Don't Starve: a brilliant, brutal wilderness survival game. Great sound and
art. Mine/craft cycles combined with a lot of world to explore and secrets to
uncover, and permadeath.

Prison Architect: a prison designer and deep simulator of guards, prisoners,
bottles, tunnels, and sundry.

Rogue Legacy: a roguish 2D action platformer where each life's dungeon crawl
takes you further into a skill/stat progression

The Swapper: a 2D puzzle platformer with a cloning gun and something to say

Gunpoint: a 2D sneaky hacking game, where you break into buildings and rewire
security systems to steal intel

------
acc00
I take it that they only sell Steam keys for the titles without the "DRM FREE"
icon?

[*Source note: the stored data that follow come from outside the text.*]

(* [Q] exceeds [sum_m q_m] by the boundary terms [G_0^2/F_1 + G_(n-1)^2/F_(n-1)]. *)
Lemma qform_sum_le_fisher M : n = S (S M) ->
  sum_f_R0 (qform G F) M <= fisher.
Proof.
  intros Hn2. unfold fisher. rewrite Hn2.
  change (sum_f_R0 (qform G F) M
          <= sum_f_R0 (fun k => nabla G k ^ 2 / F k) (S M) + nabla G (S (S M)) ^ 2 / F (S (S M))).
  rewrite sum_nabla_sq_split. simpl nabla. rewrite <- Hn2, HGn.
  assert (0 <= G O ^ 2 / F 1%nat) by (apply Rle_mult_inv_pos; [apply pow2_ge_0 | apply HF; lia]).
  assert (0 <= G (S M) ^ 2 / F (S M)) by (apply Rle_mult_inv_pos; [apply pow2_ge_0 | apply HF; lia]).
  replace ((0 - G (S M)) ^ 2) with (G (S M) ^ 2) by ring.
  rewrite Hn2. lra.
Qed.

(* [Q >= 0], needed when [n = 1]. *)
Lemma fisher_nonneg : 0 <= fisher.
Proof.
  unfold fisher. rewrite <- (Rmult_0_l (INR (S n))), <- sum_cte.
  apply sum_Rle. intros k Hk.
  apply Rle_mult_inv_pos; [apply pow2_ge_0 | exact (HF k Hk)].
Qed.

Hypothesis Hlogconc : forall k, (k + 2 <= n)%nat ->
  F (S k) ^ 2 - F k * F (S (S k)) > 0 /\
  hseq k <= (2 * G k * G (S k) * F (S k) - G k ^ 2 * F (S (S k)) - G (S k) ^ 2 * F k)
            / (F (S k) ^ 2 - F k * F (S (S k))).

Lemma entropy_curvature_nonpos : (1 <= n)%nat ->
  - sum_f_R0 (fun k => Fdd k * (ln (F k) + 1) + Fd k * (Fd k / F k)) n <= 0.
Proof.
  intros Hn.
  rewrite plus_sum, fisher_term.
  pose proof fisher_nonneg as Hfisher.
  pose proof (pow2_ge_0 v) as Hv2.
  assert (Hcases : n = 1%nat \/ exists M, n = S (S M)).
  { destruct n as [|[|M]]; [lia | left | right; exists M]; reflexivity. }
  destruct Hcases as [Hn1 | [M Hn2]].
  - rewrite (curvature_term_1 Hn1). nra.
  - rewrite (curvature_term M Hn2).
    assert (Hgap : sum_f_R0 (fun m => log_gap m * hseq m) M <= sum_f_R0 (qform G F) M).
    { apply sum_Rle. intros m Hm. destruct (Hlogconc m ltac:(lia)) as [Hstrict Hh].
      apply log_gap_mul_le; try apply HF; try apply G_nonneg; try lia; assumption. }
    pose proof (qform_sum_le_fisher M Hn2) as Hboundary.
    nra.
Qed.

End EntropyCurvature.

Definition entropy_rate (n : nat) (f f1 : nat -> R -> R) (t : R) : R :=
  - sum_f_R0 (fun k => f1 k t * (ln (f k t) + 1)) n.

Lemma entropy_first_derivative (n : nat) (f f1 : nat -> R -> R) (t : R) :
  (forall k, (k <= n)%nat -> 0 < f k t) ->
  (forall k, (k <= n)%nat -> derivable_pt_lim (f k) t (f1 k t)) ->
  derivable_pt_lim (entropy n f) t (entropy_rate n f f1 t).
Proof.
  intros Hpos Hf1. apply derivable_pt_lim_opp.
  apply (derivable_pt_lim_sum_f_R0 (fun k t => f k t * ln (f k t))).
  intros k Hk. apply derivable_pt_lim_mul_ln; auto.
Qed.

Lemma entropy_second_derivative (n : nat) (f f1 f2 : nat -> R -> R) (t : R) :
  (forall k, (k <= n)%nat -> 0 < f k t) ->
  (forall k, (k <= n)%nat -> derivable_pt_lim (f k) t (f1 k t)) ->
  (forall k, (k <= n)%nat -> derivable_pt_lim (f1 k) t (f2 k t)) ->
  derivable_pt_lim (entropy_rate n f f1) t
    (- sum_f_R0 (fun k => f2 k t * (ln (f k t) + 1) + f1 k t * (f1 k t / f k t)) n).
Proof.
  intros Hpos Hf1 Hf2. apply derivable_pt_lim_opp.
  apply (derivable_pt_lim_sum_f_R0 (fun k t => f1 k t * (ln (f k t) + 1))).
  intros k Hk. apply derivable_pt_lim_mul_ln_succ; auto.
Qed.

Definition gfun_dot (n : nat) (alpha a1 f f1 : nat -> R -> R) (k : nat) (t : R) : R :=
  if Nat.ltb k n
  then a1 (S k) t * f (S k) t + alpha (S k) t * f1 (S k) t - a1 k t * f k t + (1 - alpha k t) * f1 k t
  else 0.

Lemma gfun_derivative (n : nat) (alpha a1 f f1 : nat -> R -> R) (t : R) (k : nat) :
  (forall j, (j <= n)%nat -> derivable_pt_lim (f j) t (f1 j t)) ->
  (forall j, (j <= n)%nat -> derivable_pt_lim (alpha j) t (a1 j t)) ->
  derivable_pt_lim (gfun n alpha f k) t (gfun_dot n alpha a1 f f1 k t).
Proof.
  intros Hf1 Ha1. unfold gfun, gfun_dot.
  destruct (Nat.ltb k n) eqn:Hk.
  - apply Nat.ltb_lt in Hk.
    replace (a1 (S k) t * f (S k) t + alpha (S k) t * f1 (S k) t - a1 k t * f k t
             + (1 - alpha k t) * f1 k t)
      with (a1 (S k) t * f (S k) t + alpha (S k) t * f1 (S k) t
            + ((0 - a1 k t) * f k t + (1 - alpha k t) * f1 k t)) by ring.
    assert (Hone : derivable_pt_lim (fun s => 1 - alpha k s) t (0 - a1 k t)).
    { apply (derivable_pt_lim_minus (fun _ => 1) (alpha k)).
      - apply derivable_pt_lim_const.
      - apply Ha1. lia. }
    apply (derivable_pt_lim_plus (fun s => alpha (S k) s * f (S k) s)
                                 (fun s => (1 - alpha k s) * f k s)).
    + apply derivable_pt_lim_mult; [apply Ha1 | apply Hf1]; lia.
    + apply (derivable_pt_lim_mult (fun s => 1 - alpha k s) (f k)); [exact Hone | apply Hf1; lia].
  - apply derivable_pt_lim_const.
Qed.

Lemma nabla_g_nabla (n : nat) (alpha f : nat -> R -> R) (k : nat) (t : R) :
  nabla_g n alpha f k t = nabla (fun j => gfun n alpha f j t) k.
Proof. destruct k; reflexivity. Qed.

Lemma nabla_g_derivative (n : nat) (alpha a1 f f1 : nat -> R -> R) (t : R) (k : nat) :
  (forall j, (j <= n)%nat -> derivable_pt_lim (f j) t (f1 j t)) ->
  (forall j, (j <= n)%nat -> derivable_pt_lim (alpha j) t (a1 j t)) ->
  derivable_pt_lim (nabla_g n alpha f k) t (nabla (fun j => gfun_dot n alpha a1 f f1 j t) k).
Proof.
  intros Hf1 Ha1. destruct k as [|j]; simpl.
  - exact (gfun_derivative n alpha a1 f f1 t O Hf1 Ha1).
  - apply derivable_pt_lim_minus; apply gfun_derivative; assumption.
Qed.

This has confused me in the past.

As a Linux user, I'm a big fan of Humble because they actually pay for new
game ports, so it is often the case that a Linux version debuts in a Humble
Bundle.

But with Linux games getting mainstream _and_ HB increasingly becoming a Steam
reseller I would much rather see GOG.com introduce Linux as a platform (and
also maybe hire some guys to look after Wine status of games).

------
dustcoin
It appears that bitcoin, a payment option for the bundles, is missing as a
payment option for the store.

------
conradk
I like how they clearly display what platform the games are for and which
games are DRM free.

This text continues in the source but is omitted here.